**The problem**. Since only the total matters, count the lines of these entries containing the word "sharpE" and write that total alone.

**Dataset excerpts**.
(* Let $R$ be a commutative ring, $M$ an $R$-module, $C$ an $R$-linear relation on $M$, and $(X\mid\rho)$ a reduction of $(M,C)$. Then $\rho$ defines a morphism $(X,\mathrm{graph}(T_X))\to(M,C)$ in $\mathrm{Rel}_R$, where $T_X(x)=Tx$. Furthermore, if $(X\mid\rho)$ meets in the radical, then there is a short exact sequence of $R[T,T^{-1}]$-modules $0\to\mathrm{rad}(X)\to X\to C^\sharp/C^\flat\to0$, where the first map is the inclusion and the second is $x\mapsto\rho(x)+C^\flat$.
   Context: An $R$-linear relation on $M$ is a submodule $C\subseteq M\oplus M$; $Cm=\{m':(m,m')\in C\}$, $C^{-1}=\{(y,x):(x,y)\in C\}$, $\mathrm{graph}(f)=\{(x,f(x))\}$. $\mathrm{Rel}_R$: objects pairs $(M,C)$, morphisms $(L,B)\to(M,C)$ the $R$-linear $f$ with $(f(x),f(y))\in C$ whenever $(x,y)\in B$. $C''$: the $m\in M$ admitting $(m_n)_{n\in\mathbb{N}}$ with $m_0=m$, $m_{n+1}\in Cm_n$ for all $n$; $C'$: those admitting such a sequence with $m_n=0$ for $n\gg0$; $C^\sharp=C''\cap(C^{-1})''$, $C^\flat=C''\cap(C^{-1})'+(C^{-1})''\cap C'$. $C^\sharp/C^\flat$ is an $R[T,T^{-1}]$-module with $T$ acting by the automorphism $m+C^\flat\mapsto m'+C^\flat$ where $m'\in C^\sharp\cap(C^\flat+Cm)$. A reduction of $(M,C)$ is a pair $(X\mid\rho)$, $X$ an $R[T,T^{-1}]$-module, $\rho\colon X\to M$ $R$-linear, with $C^\sharp=C^\flat+\mathrm{im}(\rho)$ and $\rho(Tx)\in C\rho(x)$ for all $x$; it meets in the radical if $\{x\in X:\rho(x)\in C^\flat\}=\mathrm{rad}(X)$, the radical of $X$ as an $R$-module. *)

From HB Require Import structures.
From mathcomp Require Import all_boot all_algebra.
Set Implicit Arguments. Unset Strict Implicit. Unset Printing Implicit Defensive.
Import GRing.Theory.
Local Open Scope ring_scope.

Definition is_submod (R : comPzRingType) (M : lmodType R) (N : M -> Prop) : Prop :=
  [/\ N 0, (forall x y, N x -> N y -> N (x + y)) &
      (forall (r : R) x, N x -> N (r *: x))].

(* An R-linear relation on M: a submodule C of M (+) M, as a binary predicate. *)
Definition is_linrel (R : comPzRingType) (M : lmodType R) (C : M -> M -> Prop) : Prop :=
  [/\ C 0 0, (forall a b c d, C a b -> C c d -> C (a + c) (b + d)) &
      (forall (r : R) a b, C a b -> C (r *: a) (r *: b))].

Definition relinv (M : Type) (C : M -> M -> Prop) : M -> M -> Prop :=
  fun x y => C y x.

Definition graph (X : Type) (f : X -> X) : X -> X -> Prop := fun x y => y = f x.

Definition rel_morph (R : comPzRingType) (L M : lmodType R)
  (B : L -> L -> Prop) (C : M -> M -> Prop) (f : {linear L -> M}) : Prop :=
  forall x y, B x y -> C (f x) (f y).

Definition Cpp (M : Type) (C : M -> M -> Prop) (m : M) : Prop :=
  exists s : nat -> M, s 0%N = m /\ forall n, C (s n) (s n.+1).

Definition Cp (R : comPzRingType) (M : lmodType R) (C : M -> M -> Prop) (m : M) : Prop :=
  exists s : nat -> M, [/\ s 0%N = m, (forall n, C (s n) (s n.+1)) &
                         exists N, forall n, (N <= n)%N -> s n = 0].

Definition Csharp (M : Type) (C : M -> M -> Prop) (m : M) : Prop :=
  Cpp C m /\ Cpp (relinv C) m.

Definition Cflat (R : comPzRingType) (M : lmodType R) (C : M -> M -> Prop) (m : M) : Prop :=
  exists a b, [/\ m = a + b, Cpp C a /\ Cp (relinv C) a &
                             Cpp (relinv C) b /\ Cp C b].

(* The relation "m' represents T(m + C^flat)": m' in C^sharp /\ (C^flat + C m). *)
Definition Tquot (R : comPzRingType) (M : lmodType R) (C : M -> M -> Prop) (m m' : M) : Prop :=
  Csharp C m' /\ exists c y, [/\ Cflat C c, C m y & m' = c + y].

(* A reduction (X | rho): X an R[T,T^-1]-module, given as an R-module with the
   R-linear automorphism TX by which T acts. *)
Definition is_reduction (R : comPzRingType) (M : lmodType R) (C : M -> M -> Prop)
  (X : lmodType R) (TX : {linear X -> X}) (rho : {linear X -> M}) : Prop :=
  [/\ bijective TX,
      (forall m, Csharp C m <-> exists c x, Cflat C c /\ m = c + rho x) &
      (forall x, C (rho x) (rho (TX x)))].

Definition maximal_submod (R : comPzRingType) (X : lmodType R) (N : X -> Prop) : Prop :=
  [/\ is_submod N, ~ (forall x, N x) &
      forall N', is_submod N' -> (forall x, N x -> N' x) ->
        (forall x, N' x -> N x) \/ (forall x, N' x)].

Definition modrad (R : comPzRingType) (X : lmodType R) (x : X) : Prop :=
  forall N, maximal_submod N -> N x.

Definition meets_in_radical (R : comPzRingType) (M : lmodType R) (C : M -> M -> Prop)
  (X : lmodType R) (rho : {linear X -> M}) : Prop :=
  forall x, Cflat C (rho x) <-> modrad x.

From HB Require Import structures.
From mathcomp Require Import all_boot all_algebra.
Import GRing.Theory.
Local Open Scope ring_scope.

(* If C m m1 and m' = c + y with c in C^flat and C m y, then C 0 (m1 - y), so
   m1 - y lies in (C^-1)' (witnessed by m1 - y, 0, 0, ...) as well as in C'';
   hence m1 - m' lies in C^flat, which makes x |-> rho x + C^flat commute with
   T.  A linear isomorphism matches up the maximal submodules, so it preserves
   the radical. *)

Set Implicit Arguments.
Unset Strict Implicit.

Section Submodules.
Variables (R : comPzRingType) (M : lmodType R).

Lemma submodN (N : M -> Prop) x : is_submod N -> N x -> N (- x).
Proof. by case=> _ _ NZ Nx; rewrite -scaleN1r; apply: NZ. Qed.

Lemma submodB (N : M -> Prop) x y : is_submod N -> N x -> N y -> N (x - y).
Proof. by move=> N_sub Nx Ny; case: (N_sub) => _ ND _; apply: ND (submodN _ _). Qed.

Lemma submod_cap (N1 N2 : M -> Prop) :
  is_submod N1 -> is_submod N2 -> is_submod (fun m => N1 m /\ N2 m).
Proof.
case=> N1_0 N1D N1Z [N2_0 N2D N2Z]; split=> [|x y [? ?] [? ?]|r x [? ?]].
- by [].
- by split; [apply: N1D | apply: N2D].
- by split; [apply: N1Z | apply: N2Z].
Qed.

Lemma submod_sum (N1 N2 : M -> Prop) : is_submod N1 -> is_submod N2 ->
  is_submod (fun m => exists a b, [/\ m = a + b, N1 a & N2 b]).
Proof.
case=> N1_0 N1D N1Z [N2_0 N2D N2Z]; split.
- by exists 0, 0; rewrite addr0.
- move=> _ _ [a [b [-> ? ?]]] [c [d [-> ? ?]]].
  by exists (a + c), (b + d); rewrite addrACA; split; [|apply: N1D|apply: N2D].
- move=> r _ [a [b [-> ? ?]]].
  by exists (r *: a), (r *: b); rewrite scalerDr; split; [|apply: N1Z|apply: N2Z].
Qed.

Lemma submod_preim (Y : lmodType R) (N : M -> Prop) (f : Y -> M) :
  linear f -> is_submod N -> is_submod (fun x => N (f x)).
Proof.
move=> f_lin [N0 ND NZ].
have f0 : f 0 = 0.
  by have := f_lin (-1) 0 0; rewrite !scaleN1r oppr0 addr0 addNr.
have fD x y : f (x + y) = f x + f y by have := f_lin 1 x y; rewrite !scale1r.
have fZ r x : f (r *: x) = r *: f x by have := f_lin r x 0; rewrite f0 !addr0.
by split=> [|x y Nx Ny|r x Nx]; rewrite ?f0 ?fD ?fZ //; [apply: ND | apply: NZ].
Qed.

End Submodules.

Section LinearRelation.
Variables (R : comPzRingType) (M : lmodType R) (C : M -> M -> Prop).
Hypothesis C_linrel : is_linrel C.

Lemma linrel_relinv : is_linrel (relinv C).
Proof.
case: C_linrel => C00 CD CZ; split=> [|a b c d|r a b]; rewrite /relinv //.
- exact: CD.
- exact: CZ.
Qed.

Lemma linrelB a b c d : C a b -> C c d -> C (a - c) (b - d).
Proof.
case: C_linrel => _ CD CZ Cab Ccd.
by rewrite -[- c]scaleN1r -[- d]scaleN1r; apply/CD/CZ.
Qed.

Lemma Cpp_submod : is_submod (Cpp C).
Proof.
case: C_linrel => C00 CD CZ; split.
- by exists (fun=> 0).
- move=> _ _ [s [<- Cs]] [t [<- Ct]].
  by exists (fun n => s n + t n); split => // n; apply: CD.
- move=> r _ [s [<- Cs]].
  by exists (fun n => r *: s n); split => // n; apply: CZ.
Qed.

Lemma Cp_submod : is_submod (Cp C).
Proof.
case: C_linrel => C00 CD CZ; split.
- by exists (fun=> 0); split => //; exists 0%N.
- move=> _ _ [s [<- Cs [N1 s0]]] [t [<- Ct [N2 t0]]].
  exists (fun n => s n + t n); split => // [n|]; first exact: CD.
  exists (maxn N1 N2) => n; rewrite geq_max => /andP[n1 n2].
  by rewrite s0 // t0 // addr0.
- move=> r _ [s [<- Cs [N s0]]].
  exists (fun n => r *: s n); split => // [n|]; first exact: CZ.
  by exists N => n nN; rewrite s0 // scaler0.
Qed.

Lemma Cp_Cpp m : Cp C m -> Cpp C m.
Proof. by case=> s [s0 Cs _]; exists s. Qed.

End LinearRelation.

Section Flat.
Variables (R : comPzRingType) (M : lmodType R) (C : M -> M -> Prop).
Hypothesis C_linrel : is_linrel C.

Let Cinv_linrel := linrel_relinv C_linrel.

Lemma Cflat_submod : is_submod (Cflat C).
Proof.
by apply: submod_sum; apply: submod_cap; apply: Cpp_submod || apply: Cp_submod.
Qed.

Lemma Cflat_Cpp m : Cflat C m -> Cpp C m.
Proof.
case=> a [b [-> [Ca _] [_ /Cp_Cpp Cb]]].
by case: (Cpp_submod C_linrel) => _ CppD _; apply: CppD.
Qed.

Lemma Cpp_image0_Cflat d : Cpp C d -> C 0 d -> Cflat C d.
Proof.
move=> Cd C0d; exists d, 0; split; first by rewrite addr0.
  split=> //; exists (fun n => if n is 0%N then d else 0); split=> //.
    by case=> [|[|n]] //; case: Cinv_linrel.
  by exists 1%N => [[|n]].
by split; [case: (Cpp_submod Cinv_linrel) | case: (Cp_submod C_linrel)].
Qed.

Lemma Tquot_Cflat_sub m m1 m' :
  C m m1 -> Cpp C m1 -> Tquot C m m' -> Cflat C (m1 - m').
Proof.
move=> Cm1 Cpp_m1 [[Cpp_m' _] [c [y [flat_c Cy def_m']]]]; subst m'.
have Cpp_y : Cpp C y.
  have -> : y = (c + y) - c by rewrite addrC addKr.
  exact: submodB (Cpp_submod C_linrel) Cpp_m' (Cflat_Cpp flat_c).
have C0_m1y : C 0 (m1 - y) by rewrite -(subrr m); apply: linrelB.
have flat_m1y : Cflat C (m1 - y).
  by apply: Cpp_image0_Cflat => //; apply: submodB (Cpp_submod C_linrel) _ _.
by rewrite opprD addrA addrAC; apply: submodB Cflat_submod _ _.
Qed.

End Flat.

Section Radical.
Variables (R : comPzRingType) (X Y : lmodType R).

Lemma modrad_submod : is_submod (@modrad R X).
Proof.
split.
- by move=> N [[]].
- move=> x y rx ry N maxN; case: (maxN) => [[_ ND _] _ _].
  exact: ND (rx _ maxN) (ry _ maxN).
- move=> r x rx N maxN; case: (maxN) => [[_ _ NZ] _ _].
  exact: NZ (rx _ maxN).
Qed.

Lemma maximal_submod_preim (N : Y -> Prop) (f : X -> Y) (g : Y -> X) :
  linear f -> linear g -> cancel f g -> cancel g f ->
  maximal_submod N -> maximal_submod (fun x => N (f x)).
Proof.
move=> f_lin g_lin fK gK [N_sub N_proper N_max]; split.
- exact: submod_preim.
- by move=> Nf; apply: N_proper => y; rewrite -(gK y).
- move=> N' N'_sub NfN'.
  have N_N'g x : N x -> N' (g x) by move=> Nx; apply: NfN'; rewrite gK.
  have [N'g_N|N'g_all] := N_max _ (submod_preim g_lin N'_sub) N_N'g.
  + by left => x N'x; apply: N'g_N; rewrite fK.
  + by right => x; rewrite -(fK x).
Qed.

Lemma modrad_can (f : X -> Y) (g : Y -> X) :
  linear f -> linear g -> cancel f g -> cancel g f ->
  forall x, modrad x -> modrad (f x).
Proof.
move=> f_lin g_lin fK gK x rx N maxN.
exact: rx (maximal_submod_preim f_lin g_lin fK gK maxN).
Qed.

End Radical.

Lemma modrad_iso (R : comPzRingType) (X Y : lmodType R) (f : {linear X -> Y}) :
  bijective f -> forall x, modrad x <-> modrad (f x).
Proof.
case=> g fK gK x; have g_lin := can2_linear fK gK.
split; first exact: (modrad_can (linearP f) g_lin fK gK).
by move/(modrad_can g_lin (linearP f) gK fK); rewrite fK.
Qed.

Unset Implicit Arguments.

Theorem lemma4p9 (R : comPzRingType) (M : lmodType R) (C : M -> M -> Prop)
  (X : lmodType R) (TX : {linear X -> X}) (rho : {linear X -> M}) :
  is_linrel C -> is_reduction C TX rho ->
  rel_morph (graph TX) C rho /\
  (meets_in_radical C rho ->
     (* rad(X) is an R[T,T^-1]-submodule, so the inclusion is a morphism *)
     [/\ is_submod (@modrad R X) /\ (forall x, modrad x <-> modrad (TX x)),
     (* x |-> rho x + C^flat is a well-defined map X -> C^sharp/C^flat
        that is T-equivariant (it is R-linear since rho is) *)
         (forall x, Csharp C (rho x)),
         (forall x m', Tquot C (rho x) m' -> Cflat C (rho (TX x) - m')),
     (* exactness at X: kernel = rad(X) *)
         (forall x, Cflat C (rho x) <-> modrad x) &
     (* surjectivity onto C^sharp/C^flat *)
         (forall m, Csharp C m -> exists x, Cflat C (m - rho x))]).
Proof.
move=> C_linrel [TX_bij sharpE C_rhoT].
split=> [x _ -> | rad_ker]; first exact: C_rhoT.
have flat0 : Cflat C 0 by case: (Cflat_submod C_linrel).
have sharp_rho x : Csharp C (rho x) by apply/sharpE; exists 0, x; rewrite add0r.
split=> //.
- by split; [exact: modrad_submod | exact: modrad_iso].
- move=> x m'; apply: Tquot_Cflat_sub => //; exact: (sharp_rho (TX x)).1.
- by move=> m /sharpE [c [x [flat_c ->]]]; exists x; rewrite addrK.
Qed.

**Your response**. 3